Three aircraft have been delivered under phase two of the fleet modernization program and three are undergoing these communication and navigation upgrades. The prototype aircraft for the third phase is in for a two-year modification and testing period, and is expected to fly in early 2009.

The Air Force and Navy are assessing and defining their needs for a long-range maritime surveillance aircraft to succeed the Aurora. Technology upgrades already made in the fleet may be transferred and reinvested in the replacement aircraft.
More here and here. And note this (the Aurora is our version of the P-3C Orion):
US Navy Grounds One-Quarter Of P-3C Fleet Over Structural Concerns
Update: The future of the Aurora fleet is still rather murky:
The news that only 10 of the 18 planes would be refitted was buried in the news release. That, and the late afternoon timing, suggests the government is trying to play down the announcement.

Neither IMP nor the union that represents the workers at the plant was available for comment on Tuesday. And the Defence Department could not answer basic questions such as how much the work will cost, whether the reduction in the number of planes will reduce the number of patrols, when the military will buy replacement planes or where the planes that won’t be refitted are based.

Fourteen of the 18 Auroras are based at 14 Wing Greenwood.

"The 10, the majority of the fleet, keep us flying until 2020 and allow us to plan for a replacement of the Aurora," Mr. MacKay’s spokesman, Dan Dugas, said in an e-mail. "There will be a savings of a couple of hundred million because we aren’t going to put money into extending them beyond their best-before date like the Sea Kings.
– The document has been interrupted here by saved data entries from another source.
(* Subsets of Sigma = { (C, l) | C in C(A), l in Spec C }; U C is U_C. *)
Definition SigmaSet : Type := forall C : CA, Spec C -> Prop.

Definition sigma_open (U : SigmaSet) : Prop :=
  (forall C, spec_open (U C)) /\
  (forall (C C' : CA) (l : Spec C) (l' : Spec C'),
      U C l -> subalg_le C C' -> restricts l' l -> U C' l').

Definition sigma_closed (F : SigmaSet) : Prop :=
  sigma_open (fun C l => ~ F C l).

Definition set_eq (U V : SigmaSet) : Prop := forall C l, U C l <-> V C l.
Definition set_union (U V : SigmaSet) : SigmaSet := fun C l => U C l \/ V C l.

Definition irreducible (F : SigmaSet) : Prop :=
  forall F1 F2 : SigmaSet, sigma_closed F1 -> sigma_closed F2 ->
    set_eq F (set_union F1 F2) -> set_eq F F1 \/ set_eq F F2.

End Defs.

(* Closed sets of Sigma_* are closed under restriction, and the sets
   {(C', l') | C <= C', |pr (l' a) - x| < r} are open for 1-Lipschitz [pr].
   If F is irreducible, two such open sets meeting F must meet inside F.  Two
   points of F_C would be separated by coordinate balls at C, and two
   components C1, C2 with no common upper bound in F by the cones above C1
   and C2.  Conversely, if F = F1 u F2 with points (C1, l1) outside F1 and
   (C2, l2) outside F2, a common upper bound C3 carries a point of F1 or F2,
   whose restriction to C1 or C2 lies in that closed set and, the fibres of F
   being singletons, is l1 or l2. *)
From Stdlib Require Import Reals List.
From Stdlib Require Import Classical ClassicalEpsilon FunctionalExtensionality Lra.
Open Scope R_scope.
Set Implicit Arguments.

Section SigmaStar.
Variable A : CStarAlgebra.

Lemma spec_eq (C : CA A) (l m : Spec C) : proj1_sig l = proj1_sig m -> l = m.
Proof.
  destruct l as [fl pl], m as [fm pm]; simpl; intros ->.
  f_equal; apply proof_irrelevance.
Qed.

Lemma character_one_neq0 (C : CA A) (l : Spec C) : proj1_sig l (one A) <> C0.
Proof.
  destruct l as [f [fadd [fscal [fmul [[x [hx fx]] fout]]]]]; simpl.
  destruct (proj2_sig C) as [h1 _].
  intro f1; apply fx.
  rewrite <- (mul1r A x), fmul, f1 by assumption.
  unfold Cmul, C0; simpl; f_equal; ring.
Qed.

Lemma restriction_exists (C C' : CA A) (l' : Spec C') :
  subalg_le C C' -> exists l : Spec C, restricts l' l.
Proof.
  intro hle.
  set (f := fun a => if excluded_middle_informative (proj1_sig C a)
                     then proj1_sig l' a else C0).
  destruct (proj2_sig C) as [h1 [hadd [hscal [hmul _]]]].
  destruct (proj2_sig l') as [ladd [lscal [lmul _]]].
  assert (fC : forall a, proj1_sig C a -> f a = proj1_sig l' a)
    by (intros a ha; unfold f; destruct excluded_middle_informative; tauto).
  assert (fchar : is_character A (proj1_sig C) f).
  { repeat split.
    - intros x y hx hy; rewrite !fC by auto; apply ladd; apply hle; assumption.
    - intros a x hx; rewrite !fC by auto; apply lscal; apply hle; assumption.
    - intros x y hx hy; rewrite !fC by auto; apply lmul; apply hle; assumption.
    - exists (one A); split; [assumption|].
      rewrite fC by assumption; apply character_one_neq0.
    - intros x hx; unfold f; destruct excluded_middle_informative; tauto. }
  exists (exist _ f fchar); intros a ha; symmetry; exact (fC a ha).
Qed.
Money should be used to equip the forces with modern aircraft." ..

Mr. Coderre [Liberal National Defence critic] said Tuesday that he’s glad that some of the work will go ahead, but he doesn’t understand why only 10 planes are being refitted.

"If it’s good for 10, it should be good for 18, so what’s the rationale here?" he said. "It will have an impact on the job loss. If we accept to modernize these planes, that means . . . what we’ve been saying is accurate."

Mr. Coderre predicts the reduction in the number of planes will affect operations.

"It will have an impact on the multi-mission factor, which is surveillance, which is intelligence gathering, which is antisubmarine warfare, and it will have an impact also on the smugglers. If we want to fulfil our job, we need those 18 planes."
Another noted expert on things military, Green Party Leader Elizabeth May, is also critical of the government's decision; note her mission priority.

Here's a comment thread at Milnet.ca.

Upperdate: More at this blog:
If you have any other questions, tips or thoughts about Canadian defence matters, please send them along to David Pugliese at dpugliese@thecitizen.canwest.com
And more on the Global Express (aka the ASTOR) at the end of this post.


Anonymous Anonymous said...

pretty much have to keep some flying until then because if we were to buy new P8's tomorrow, we wouldn't receive any until then, maybe later. First one is not due off the line until 2103

Last lines are revealing - saying that equipment from upgraded Auroras could be transferred to new aircraft.

Might mean the last flight for some of the Auroras might be to a Boeing plant.

5:19 p.m., December 18, 2007  
Blogger Dave in Pa. said...

Fred, I don't think you meant 2103. That'd be 96 years from now. Even the slackest NATO members have somewhat quicker aircraft acquisition practices than that! :-)

Seriously though, here in the US, I also wonder at some of the decisions made by some Pentagon "geniuses".

For example, they're keeping about ninety 45 yr. old B-52Hs flying, while they've mothballed thirty seven of the 100 B-1Bs that were built! That's 37 quarter billion dollar bombers that are pretty new, in excellent condition, with low flight hours, in order to keep 45 year old B-52Hs in the air.

That's even more inexplicable than investing more money in 40 yr old Auroras, instead of committing those funds now to new birds.

In both cases, I think I smell a pork barbecue in the background. Ya think?

1:51 a.m., December 19, 2007  
Anonymous Anonymous said...

2013 it is.

We could have had a shot at some ealy production but declined to participate in the program a few years back.

Right now the USN has the priority on P8's

Really no choice - either stop flying the missions or extend the flight life until a new plane gets acquired.

The MSM talking about the ASTOR is just more stupid reporting.

ASTOR can't do MMP jobs - wrong plane for the mission.